Collected data entries:
++++
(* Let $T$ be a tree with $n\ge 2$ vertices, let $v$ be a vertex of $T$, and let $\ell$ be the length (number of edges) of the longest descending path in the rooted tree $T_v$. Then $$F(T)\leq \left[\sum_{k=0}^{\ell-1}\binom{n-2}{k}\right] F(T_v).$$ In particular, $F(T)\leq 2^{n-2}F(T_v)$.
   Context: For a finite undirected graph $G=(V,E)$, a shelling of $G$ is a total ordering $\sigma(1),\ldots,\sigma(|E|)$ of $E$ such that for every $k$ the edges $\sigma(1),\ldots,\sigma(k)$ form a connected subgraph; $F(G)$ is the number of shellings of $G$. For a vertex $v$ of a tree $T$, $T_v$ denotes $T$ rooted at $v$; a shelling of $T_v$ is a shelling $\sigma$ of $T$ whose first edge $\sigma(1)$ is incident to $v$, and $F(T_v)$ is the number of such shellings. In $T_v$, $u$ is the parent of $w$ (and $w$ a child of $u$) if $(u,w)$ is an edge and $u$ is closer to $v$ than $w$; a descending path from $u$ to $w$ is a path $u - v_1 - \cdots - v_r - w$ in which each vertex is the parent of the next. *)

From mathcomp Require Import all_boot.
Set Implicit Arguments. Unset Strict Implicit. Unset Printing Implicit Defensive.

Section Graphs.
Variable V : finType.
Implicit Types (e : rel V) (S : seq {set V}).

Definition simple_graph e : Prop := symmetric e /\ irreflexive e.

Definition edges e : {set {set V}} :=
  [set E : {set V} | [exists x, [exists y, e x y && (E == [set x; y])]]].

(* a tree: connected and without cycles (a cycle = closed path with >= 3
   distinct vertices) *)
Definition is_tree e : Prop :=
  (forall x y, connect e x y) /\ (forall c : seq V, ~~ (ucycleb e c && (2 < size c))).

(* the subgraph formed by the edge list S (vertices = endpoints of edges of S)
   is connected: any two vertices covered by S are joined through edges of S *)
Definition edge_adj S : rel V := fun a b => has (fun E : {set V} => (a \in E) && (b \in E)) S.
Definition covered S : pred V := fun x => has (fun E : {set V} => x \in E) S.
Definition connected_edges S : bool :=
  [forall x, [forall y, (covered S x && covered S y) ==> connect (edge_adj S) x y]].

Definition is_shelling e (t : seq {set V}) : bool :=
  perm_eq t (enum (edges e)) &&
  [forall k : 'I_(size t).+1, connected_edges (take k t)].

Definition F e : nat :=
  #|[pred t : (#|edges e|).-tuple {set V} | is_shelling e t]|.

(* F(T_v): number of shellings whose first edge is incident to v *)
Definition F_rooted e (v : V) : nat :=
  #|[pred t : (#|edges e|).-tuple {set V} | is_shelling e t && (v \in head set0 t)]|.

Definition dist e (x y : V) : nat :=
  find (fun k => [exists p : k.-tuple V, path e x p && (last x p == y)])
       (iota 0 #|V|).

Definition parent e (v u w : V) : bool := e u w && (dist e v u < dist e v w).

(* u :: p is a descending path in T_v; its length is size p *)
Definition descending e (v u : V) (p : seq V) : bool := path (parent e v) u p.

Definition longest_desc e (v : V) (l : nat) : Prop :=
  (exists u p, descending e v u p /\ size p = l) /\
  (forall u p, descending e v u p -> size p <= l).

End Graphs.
++++
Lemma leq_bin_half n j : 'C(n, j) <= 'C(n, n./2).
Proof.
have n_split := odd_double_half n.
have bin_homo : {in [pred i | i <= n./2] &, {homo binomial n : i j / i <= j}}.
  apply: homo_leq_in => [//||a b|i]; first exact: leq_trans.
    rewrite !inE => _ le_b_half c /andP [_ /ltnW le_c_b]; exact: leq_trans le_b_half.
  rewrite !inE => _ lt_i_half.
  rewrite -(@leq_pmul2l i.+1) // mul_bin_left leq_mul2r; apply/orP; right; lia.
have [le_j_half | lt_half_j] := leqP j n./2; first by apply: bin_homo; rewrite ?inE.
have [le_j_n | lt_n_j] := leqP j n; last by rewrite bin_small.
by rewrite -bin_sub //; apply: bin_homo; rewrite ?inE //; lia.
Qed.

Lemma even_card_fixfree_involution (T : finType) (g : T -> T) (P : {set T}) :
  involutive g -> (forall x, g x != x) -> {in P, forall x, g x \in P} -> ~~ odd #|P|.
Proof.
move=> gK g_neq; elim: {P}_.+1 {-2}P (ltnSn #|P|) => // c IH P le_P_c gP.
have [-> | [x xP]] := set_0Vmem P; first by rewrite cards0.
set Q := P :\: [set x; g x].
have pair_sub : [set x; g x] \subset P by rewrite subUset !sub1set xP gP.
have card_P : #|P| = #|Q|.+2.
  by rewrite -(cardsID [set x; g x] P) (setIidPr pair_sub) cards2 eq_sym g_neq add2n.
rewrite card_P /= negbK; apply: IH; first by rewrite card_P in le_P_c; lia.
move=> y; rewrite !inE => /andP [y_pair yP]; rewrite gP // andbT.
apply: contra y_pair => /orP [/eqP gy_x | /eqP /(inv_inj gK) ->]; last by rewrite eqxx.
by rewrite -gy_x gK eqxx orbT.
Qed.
++++
### Aim of the exercise
Search the lines above for the string "move", then show every one that has it.

### Answer
move=> gK g_neq; elim: {P}_.+1 {-2}P (ltnSn #|P|) => // c IH P le_P_c gP.
move=> y; rewrite !inE => /andP [y_pair yP]; rewrite gP // andbT.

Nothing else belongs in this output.